掌心捂着眼睛带来冰凉的触感,少年眼睫轻颤,挠动着山雨心里也跟着泛起轻轻的痒意。两个人就着这样奇妙的姿势,直到少年笑着拨开他的手:“祭司大人,你来啦。”
“嗯。”山雨轻轻点头,少年轻轻揽住他,撒娇似的说:“那群老东西是不是又为难你了?”

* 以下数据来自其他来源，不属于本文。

(* Let $\mathbb{F}$ be an algebraically closed field with $\mathrm{char}\,\mathbb{F}=2$, and let $\mathcal{A}$ be a (not necessarily unital) subalgebra of $\mathbf{O}$ with $\mathcal{A}\subseteq\mathbf{O}_0$ and $\dim\mathcal{A}\ge3$. Then there exists $g\in{\rm G}_2$ such that either (a) $\{1_{\mathbf{O}},\mathbf{u}_1,\mathbf{v}_2\}\subseteq g\mathcal{A}$; or (b) $\{\mathbf{u}_1,\mathbf{v}_2,\mathbf{v}_3\}\subseteq g\mathcal{A}$ and $1_{\mathbf{O}}\notin g\mathcal{A}$.
   Context: The split octonion algebra $\mathbf{O}$ is the 8-dimensional $\mathbb{F}$-vector space of formal matrices $a=\begin{pmatrix}\alpha&\mathbf{u}\\ \mathbf{v}&\beta\end{pmatrix}$ with $\alpha,\beta\in\mathbb{F}$, $\mathbf{u},\mathbf{v}\in\mathbb{F}^3$, with multiplication $\begin{pmatrix}\alpha&\mathbf{u}\\ \mathbf{v}&\beta\end{pmatrix}\begin{pmatrix}\alpha'&\mathbf{u}'\\ \mathbf{v}'&\beta'\end{pmatrix}=\begin{pmatrix}\alpha\alpha'+\mathbf{u}\cdot\mathbf{v}'&\alpha\mathbf{u}'+\beta'\mathbf{u}-\mathbf{v}\times\mathbf{v}'\\ \alpha'\mathbf{v}+\beta\mathbf{v}'+\mathbf{u}\times\mathbf{u}'&\beta\beta'+\mathbf{v}\cdot\mathbf{u}'\end{pmatrix}$ (dot product and cross product on $\mathbb{F}^3$). Trace $\mathrm{tr}(a)=\alpha+\beta$, $\mathbf{O}_0=\{a\in\mathbf{O}\mid\mathrm{tr}(a)=0\}$. With $\mathbf{c}_1,\mathbf{c}_2,\mathbf{c}_3$ the standard basis of $\mathbb{F}^3$: $\mathbf{u}_i$ has $\mathbf{u}=\mathbf{c}_i$ and all else $0$, $\mathbf{v}_i$ has $\mathbf{v}=\mathbf{c}_i$ and all else $0$, and $1_{\mathbf{O}}$ has $\alpha=\beta=1$, $\mathbf{u}=\mathbf{v}=0$. ${\rm G}_2=\mathrm{Aut}(\mathbf{O})$. *)

From HB Require Import structures.
From mathcomp Require Import all_boot all_order all_algebra.
Set Implicit Arguments. Unset Strict Implicit. Unset Printing Implicit Defensive.
Import Order.TTheory GRing.Theory.
Local Open Scope ring_scope.

(* The split octonions O over a field F, realised as the 8-dimensional
   F-vector space 'rV[F]_8 of formal matrices  ( alpha  u ; v  beta ),
   with coordinates: index 0 = alpha, 1..3 = u, 4..6 = v, 7 = beta. *)
Section Octonions.
Variable F : fieldType.

Definition Oct := 'rV[F]_8.

Definition oalpha (a : Oct) : F := a 0 (inord 0).
Definition obeta (a : Oct) : F := a 0 (inord 7).
Definition ou (a : Oct) : 'rV[F]_3 := \row_(i < 3) a 0 (inord (i + 1)).
Definition ov (a : Oct) : 'rV[F]_3 := \row_(i < 3) a 0 (inord (i + 4)).

Definition mkO (al : F) (u v : 'rV[F]_3) (be : F) : Oct :=
  \row_(j < 8)
    if (j == 0 :> nat) then al
    else if (j < 4)%N then u 0 (inord (j - 1))
    else if (j < 7)%N then v 0 (inord (j - 4))
    else be.

Definition dot3 (x y : 'rV[F]_3) : F := \sum_(i < 3) x 0 i * y 0 i.
Definition cross3 (x y : 'rV[F]_3) : 'rV[F]_3 :=
  \row_(i < 3)
    (x 0 (inord ((i + 1) %% 3)) * y 0 (inord ((i + 2) %% 3))
     - x 0 (inord ((i + 2) %% 3)) * y 0 (inord ((i + 1) %% 3))).

Definition omul (a b : Oct) : Oct :=
  mkO (oalpha a * oalpha b + dot3 (ou a) (ov b))
      (oalpha a *: ou b + obeta b *: ou a - cross3 (ov a) (ov b))
      (oalpha b *: ov a + obeta a *: ov b + cross3 (ou a) (ou b))
      (obeta a * obeta b + dot3 (ov a) (ou b)).

Definition otr (a : Oct) : F := oalpha a + obeta a.

Definition cvec (i : 'I_3) : 'rV[F]_3 := \row_(j < 3) (j == i)%:R.

Definition oone : Oct := mkO 1 0 0 1.
Definition ouvec (i : 'I_3) : Oct := mkO 0 (cvec i) 0 0.
Definition ovvec (i : 'I_3) : Oct := mkO 0 0 (cvec i) 0.

Definition is_subalgebra (A : {vspace Oct}) : Prop :=
  forall x y, x \in A -> y \in A -> omul x y \in A.

Definition isG2 (g : Oct -> Oct) : Prop :=
  [/\ forall (c : F) (x y : Oct), g (c *: x + y) = c *: g x + g y,
      bijective g &
      forall x y, g (omul x y) = omul (g x) (g y)].

Definition in_image (g : Oct -> Oct) (A : {vspace Oct}) (x : Oct) : Prop :=
  exists2 a, a \in A & x = g a.

End Octonions.

From HB Require Import structures.
From mathcomp Require Import all_boot all_order all_algebra.
From mathcomp Require Import ring.
Set Implicit Arguments. Unset Strict Implicit. Unset Printing Implicit Defensive.
Import Order.TTheory GRing.Theory.
Local Open Scope ring_scope.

山雨却没回答他的问题,只微笑着看他:“今日是你的生辰,该我为你祈福。”
溪云歪头看他:“你不是只给部落祈福吗?”
“你也是我的部落。”山雨说得很轻,却带着不容置疑的认真,“走吧,去金塔。”
少年一路跟着他,将花环往他发间别,像只跟着主人撒娇的大型犬。
晨礼刚过,山雨遣退了所有侍从,偌大的金塔里只剩下他们两人。桑烟从青铜桑炉里缓缓升起,莲灯的光晕落在神像上,也落在山雨的侧脸,一半清明,一半温柔。
他换上了一件月白的祭司袍,衣料柔软,不像平日的祭袍那样刻板。溪云坐在一旁的石台上,晃着腿看他整理供品,七个素陶碗一字排开,盛着清晨刚取的圣泉水,柏枝带着晨露,被他细心地摆成规整的形状。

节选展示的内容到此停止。